Lets look at the internal IC schematic as well:

There is your connection to battery negative. It is essentially a simple voltage regulator for (Vin-2.8V).

Now let's do a simple analysis

Assume that the COMMON is regulating properly and Vin is 9V, then we will have COMMON=6.2V. I'm not entirely sure what the diodes VD7 and VD8 are exactly for but the two-in-series configuration is suspicious and I'm tempted to say that they are not conducting when the measured resistance is close to zero, because the voltage on VD8's cathode will be smaller than COMMON + the combined forward voltage of the diodes (assume about 1.6V), due to voltage drop caused by a relatively large current through R19, which is part of the measurement current path (we'll get there in a minute). Let's assume they are conducting for now. Assume that the diodes have a relatively constant forward voltage which means that we have a sort of another reference voltage at the cathode of VD8 and left pin of R19, which also goes to pin 36 of the converter (positive reference voltage pin), which will be (COMMON+VfD8*2) = about 7.8V. Let's call this node Vref.

The measuring current path will then be: From Vref to R31, then the scale selection array and R30 and finally through your device under test to COMMON. The voltage on the V/OHM lead is sampled against COMMON and displayed.
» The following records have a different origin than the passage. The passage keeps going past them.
(* [cross m W W] counts each edge of [<W>] twice. *)
Definition overfull (T : finType) (m : T -> T -> nat) (d : nat) (W X : {set T}) :=
  (d.+1 * #|W| < cross m W W + 2 * cross m W X)%N.

(* Exactly the sets [W] whose union with the new vertex [s'] could be too dense. *)
Definition overfull_free (T : finType) (m : T -> T -> nat) (d : nat) (S : {set T}) :=
  forall W : {set T}, W \subset ~: S -> ~~ odd #|W| -> ~~ overfull m d W S.

Definition shrink_bounded (T : finType) (m : T -> T -> nat) (d r : nat) (S : {set T}) :=
  [/\ (maxdeg (shrinkV S) (shrinkM S m) <= d.+1)%N,
      (Gam (shrinkV S) (shrinkM S m) <= (d.+1)%:R)%R &
      (nb_deg (shrinkV S) (shrinkM S m) d.+1 <= r)%N].

Section ShrinkBounds.
Variables (T : finType) (m : T -> T -> nat) (d : nat) (S : {set T}).
Hypotheses (mg : multigraph m) (deg_le : forall v, (deg [set: T] m v <= d.+1)%N).
Hypothesis cutS : (cross m S (~: S) <= d)%N.

Lemma maxdeg_shrinkV : (maxdeg (shrinkV S) (shrinkM S m) <= d.+1)%N.
Proof.
apply/bigmax_leqP => -[x|] _; first by rewrite deg_shrinkV_Some.
by rewrite deg_shrinkV_None bnd_setT; apply: leqW.
Qed.

Lemma nb_deg_shrinkV :
  (nb_deg (shrinkV S) (shrinkM S m) d.+1 <= nb_deg [set: T] m d.+1)%N.
Proof.
rewrite /nb_deg -[X in (_ <= X)%N](card_imset _ (@Some_inj _)).
apply: subset_leq_card.
apply/subsetP => -[x|]; rewrite !inE.
  by rewrite deg_shrinkV_Some => /andP[_ dx]; rewrite (mem_imset _ _ (@Some_inj _)) !inE.
by rewrite deg_shrinkV_None bnd_setT => /andP[_ /eqP cutE]; move: cutS; rewrite cutE ltnn.
Qed.

Lemma Gam_shrinkV : (Gam [set: T] m <= (d.+1)%:R)%R -> overfull_free m d S ->
  (Gam (shrinkV S) (shrinkM S m) <= (d.+1)%:R)%R.
Proof.
move=> GamT freeS; apply: Gam_le => // W WS oW W3.
have mgS := shrink_multigraph S mg.
rewrite tK_le_nat ?cross_shrinkV //; last by lia.
set W' := [set x | Some x \in W].
have W'S : W' \subset ~: S.
  by apply/subsetP => x; rewrite inE => /(subsetP WS); rewrite shrinkV_Some inE.
move: oW W3; rewrite card_option_set -/W'; case: (None \in W) => /= oW' W'3.
  by have := freeS W' W'S oW'; rewrite /overfull -leqNgt mul1n.
rewrite mul0n addn0 -tK_le_nat //; last by lia.
exact: le_trans (tK_le_Gam m (subsetT W') oW' W'3) GamT.
Qed.

End ShrinkBounds.

Lemma shrink_bounded_overfull_free (T : finType) (m : T -> T -> nat) (d : nat)
    (S : {set T}) :
  multigraph m -> (forall v, (deg [set: T] m v <= d.+1)%N) ->
  (Gam [set: T] m <= (d.+1)%:R)%R -> (cross m S (~: S) <= d)%N ->
  overfull_free m d S -> shrink_bounded m d (nb_deg [set: T] m d.+1) S.
Proof.
move=> mg deg_le GamT cutS freeS; split.
- exact: maxdeg_shrinkV.
- exact: Gam_shrinkV.
- exact: nb_deg_shrinkV.
Qed.

Lemma slack_le_nat (T : finType) (m : T -> T -> nat) (k : nat) (V1 V2 : {set T}) :
  multigraph m -> (slack V1 m k <= slack V2 m k)%R ->
  (k.+1 * #|V1|.-1 + cross m V2 V2 <= k.+1 * #|V2|.-1 + cross m V1 V1)%N.
Proof.
move=> mg; rewrite /slack -!ecountE // -(ler_nat rat) !natrD !natrM.
lra.
Qed.

Section Reduction.
Variables (T : finType) (m : T -> T -> nat) (d : nat) (s : T).
Hypotheses (mg : multigraph m) (deg_le : forall v, (deg [set: T] m v <= d.+1)%N).
Hypothesis deg_ge : forall v, v != s -> (d <= deg [set: T] m v)%N.

Local Notation cut A := (cross m A (~: A)).

(* The last condition is twice [slack Y m d <= slack [set~ s] m d]. *)
Definition candidate (Y : {set T}) :=
  [/\ Y \proper [set~ s], odd #|Y|, (2 < #|Y|)%N, (cut Y <= d)%N &
      (d.+1 * #|Y|.-1 + cross m [set~ s] [set~ s]
         <= d.+1 * #|[set~ s]|.-1 + cross m Y Y)%N].

Lemma cross_setT_le (A : {set T}) : (cross m A [set: T] <= d.+1 * #|A|)%N.
Proof. by rewrite mulnC -sum_nat_const; apply: leq_sum => v _; apply: deg_le. Qed.

Lemma cross_lt_overfull (W X : {set T}) : [disjoint W & X] -> overfull m d W X ->
  (cross m W (~: (X :|: W)) < cross m W X)%N.
Proof.
rewrite disjoint_sym /overfull => dXW.
have := cross_setT_le W; rewrite (cross_setC m W (X :|: W)) crossUr //; lia.
Qed.

Lemma card_gt2_cut_lt (Y : {set T}) :
  s \notin Y -> odd #|Y| -> (cut Y < d)%N -> (2 < #|Y|)%N.
Proof.
move=> sY oY cutY; have Y1 : #|Y| != 1%N.
  apply/negP => /cards1P[v Yv]; move: cutY; rewrite Yv cut_set1 // ltnNge deg_ge //.
  by apply: contraNneq sY => <-; rewrite Yv set11.
by move: oY Y1; case: #|Y| => [|[|[]]].
Qed.

Lemma candidate_setD (Y W : {set T}) :
  candidate Y -> W \subset Y -> ~~ odd #|W| -> overfull m d W (~: Y) ->
  candidate (Y :\: W) /\ (cut (Y :\: W) < cut Y)%N.
Proof.
move=> [YVs oY Y2 cutY slY] WY oW ofW; set Y' := Y :\: W.
have dWY : [disjoint W & ~: Y] by rewrite disjoints_subset setCK.
have dWY' : [disjoint W & Y'] by rewrite disjoint_sym disjoints_subset /Y' setDE subsetIr.
have eY : Y = W :|: Y'.
  by rewrite /Y' setDE setUIr setUCr setIT; apply/esym/setUidPr.
have eY' : ~: (~: Y :|: W) = Y' by rewrite setCU setCK /Y' setDE.
have ltW := cross_lt_overfull dWY ofW; rewrite eY' in ltW.
have degW := cross_setT_le W.
rewrite (cross_setC m W Y) {1}eY crossUr // in degW.
have eC : ~: Y' = W :|: ~: Y by rewrite -eY' setCK setUC.
have cutY' : cut Y' = (cross m Y' W + cross m Y' (~: Y))%N.
  by rewrite eC crossUr // disjoint_sym.
have cutYE : cut Y = (cross m W (~: Y) + cross m Y' (~: Y))%N.
  by rewrite {1}eY crossUl.
have crossYY : cross m Y Y =
    (cross m W W + cross m W Y' + cross m Y' W + cross m Y' Y')%N.
  by rewrite eY crossUl // !crossUr //; lia.
have cardY : #|Y| = (#|W| + #|Y'|)%N by rewrite eY cardsU disjoint_setI0 // cards0 subn0.
have oY' : odd #|Y'| by move: oY; rewrite cardY oddD (negbTE oW).
have sY : s \notin Y by rewrite -subset_setC1 (proper_sub YVs).
have sY' : s \notin Y' by apply: contra sY; apply/subsetP/subsetDl.
have ltcut : (cut Y' < cut Y)%N by rewrite cutY' cutYE cross_sym //; lia.
split=> //; split=> //.
- exact: sub_proper_trans (subsetDl Y W) YVs.
- by apply: card_gt2_cut_lt => //; lia.
- lia.
- have Y'0 := odd_gt0 oY'.
  have cardY1 : #|Y|.-1 = (#|W| + #|Y'|.-1)%N by lia.
  rewrite cardY1 mulnDr crossYY (cross_sym mg Y' W) in slY; lia.
Qed.

Lemma cut_disjoint (Y W : {set T}) : [disjoint W & Y] ->
  cut Y = (cross m W Y + cross m Y (~: (Y :|: W)))%N.
Proof.
move=> dWY; rewrite {1}(setC_setU_disjoint dWY) crossUr ?(cross_sym mg Y W) //.
by rewrite disjoints_subset setCK subsetUr.
Qed.
Let g_lipschitz k : (k < n)%N -> g k.+1 - g k <= l k /\ g k - g k.+1 <= l k.
Proof. by move=> kn; rewrite /g arcS; apply/arc_dist_lipschitz/ltW/l_gt0. Qed.

Let g_triangle k : (0 < k)%N -> (k.+1 < n)%N -> l k < g k + g k.+1.
Proof.
move=> k0 kn; rewrite /g arcS; apply: arc_dist_add.
- by apply: l_gt0; lia.
- by rewrite -arc0 arc_lt //; lia.
- by rewrite -arcS arc_lt //; lia.
- by apply: l_lt_half; lia.
Qed.

Let g1_sub : g 1 - l 1 < g 2.
Proof.
rewrite g1 /g !arcS arc0 add0r.
by apply: arc_dist_sub; [apply: l_gt0 | apply: l_lt_half]; lia.
Qed.

Let g_pred_sub : g n.-1 - l n.-2 < g n.-2.
Proof.
have arcE : arc n.-1 = arc n.-2 + l n.-2 by rewrite -arcS; congr arc; lia.
rewrite gn /g (_ : arc n.-2 = arc n - (l n.-1 + l n.-2)); last first.
  by move: arcE; rewrite arc_pred; lra.
by rewrite arc_dist_sym; apply: arc_dist_sub; [apply: l_gt0 | apply: l_lt_half]; lia.
Qed.

Let exists_scale : exists2 lam, 0 < lam < 1 &
  [/\ forall k, (0 < k)%N -> (k.+1 < n)%N -> l k < lam * (g k + g k.+1),
      g 1 - l 1 < lam * g 2 &
      forall k, k.+2 = n -> g k.+1 - l k < lam * g k].
Proof.
have g2 : 0 < g 2 by apply: g_gt0; lia.
have gn2 : 0 < g n.-2 by apply: g_gt0; lia.
have gg k : (0 < k)%N -> (k.+1 < n)%N -> 0 < g k + g k.+1.
  by move=> k0 kn; apply: addr_gt0; apply: g_gt0; lia.
pose s := [:: (g 1 - l 1) / g 2, (g n.-1 - l n.-2) / g n.-2
            & [seq l k / (g k + g k.+1) | k <- iota 1 n.-2]].
have [lam lam01 lt_lam] : exists2 lam, 0 < lam < 1 & {in s, forall x, x < lam}.
  apply: exists_scale_above => x; rewrite !inE => /or3P[/eqP->|/eqP->|/mapP[k]].
  - by rewrite ltr_pdivrMr // mul1r g1_sub.
  - by rewrite ltr_pdivrMr // mul1r g_pred_sub.
  - rewrite mem_iota => k1 ->; rewrite ltr_pdivrMr ?mul1r ?g_triangle ?gg //; lia.
exists lam => //; split => [k k0 kn||k kn].
- rewrite -ltr_pdivrMr ?gg //; apply: lt_lam; rewrite !inE; apply/or3P/Or33.
  by apply/mapP; exists k; rewrite ?mem_iota //; lia.
- by rewrite -ltr_pdivrMr //; apply: lt_lam; rewrite !inE eqxx.
- have -> : k = n.-2 by lia.
  rewrite (_ : n.-2.+1 = n.-1); last lia.
  by rewrite -ltr_pdivrMr //; apply: lt_lam; rewrite !inE eqxx orbT.
Qed.
Lemma Lambda_fun_entries m d' (l : 'M[R]_(d'.+1, (m + d'.+1).+1)) :
  Lambda l -> Lambda_fun m d'.+1 (fun r n => l (inord r) (inord n)).
Proof.
case=> l0 lN lsum lrow ldiag; split.
- move=> r _; have -> : inord 0 = ord0 :> 'I_(m + d'.+1).+1 by apply: ord_inj; rewrite inordK.
  exact: l0.
- move=> r _; have -> : inord (m + d'.+1) = ord_max :> 'I_(m + d'.+1).+1.
    by apply: ord_inj; rewrite inordK.
  exact: lN.
- move=> n hn; rewrite (eq_bigr (fun i : 'I_d'.+1 => l i (inord n))).
    by have := lsum (inord n); rewrite inordK ?ltnS.
  by move=> i _; rewrite inord_val.
- by move=> r n hr hn; apply: lrow; rewrite /= !inordK //; lia.
- by move=> r n hr hn; apply: ldiag; rewrite /= !inordK //; lia.
Qed.

Lemma Lambda_matrix m D G : Lambda_fun m D G ->
  Lambda (\matrix_(i < D, j < (m + D).+1) G i j).
Proof.
case=> G0 GN Gsum Grow Gdiag; split.
- by move=> i; rewrite mxE; apply: G0.
- by move=> i; rewrite mxE; apply: GN.
- move=> n; rewrite (eq_bigr (fun i : 'I_D => G i n)) => [|i _]; last by rewrite mxE.
  by apply: Gsum; rewrite -ltnS.
- move=> i n n' /= e; rewrite !mxE e; apply: Grow => //; have := ltn_ord n'; lia.
- move=> i i' n n' /= ei en; rewrite !mxE ei en; apply: Gdiag; first by rewrite -ei.
  have := ltn_ord n; lia.
Qed.

Section Forced.
Variables (m D : nat) (G : nat -> nat -> R).
Hypothesis hG : Lambda_fun m D G.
This means that your device under test is acting as the current sensing resistor here, which matches your assumption earlier.

Now let's look at what could be wrong If you say that voltage and current measurements are okay, then the converter is probably fine along with all of its surrounding components.

• I'd first check that during resistance measurement the COMMON line is regulating properly and is 2.8V lower than the battery voltage. This is unlikely to be wrong but it's easy to check with another (working) multimeter.
• I'd check the diodes VD7, VD8 and VD4 for damage. They are supposed to be glass diodes from what I've been able to find. If the glass is broken or damaged, it could degrade the performance or make them not work. I'd also measure the voltage at the cathode of VD8 (Vref). Under normal operation and with a large or infinite measured resistance, that should never be more than 2V higher than COMMON. If it is, your diodes are not conducting - broken, and this will disrupt the reference voltage of the converter, which will then display wrong values. This would explain why the meter is displaying 0 when shorted, because as stated previously the diodes are probably not conducting with a very small measured resistance anyway.
• I'd test ALL of the switches and make sure they work.
• If none of that helps, I'd finally test the resistors or measure the voltages along the measurement current loop. Using Ohm's law, it should be easy to calculate the expected voltages at various nodes and compare that with what you measure.

And please do let me know what you find out. I am quite curious about how this old Czechoslovak gadget ends up doing.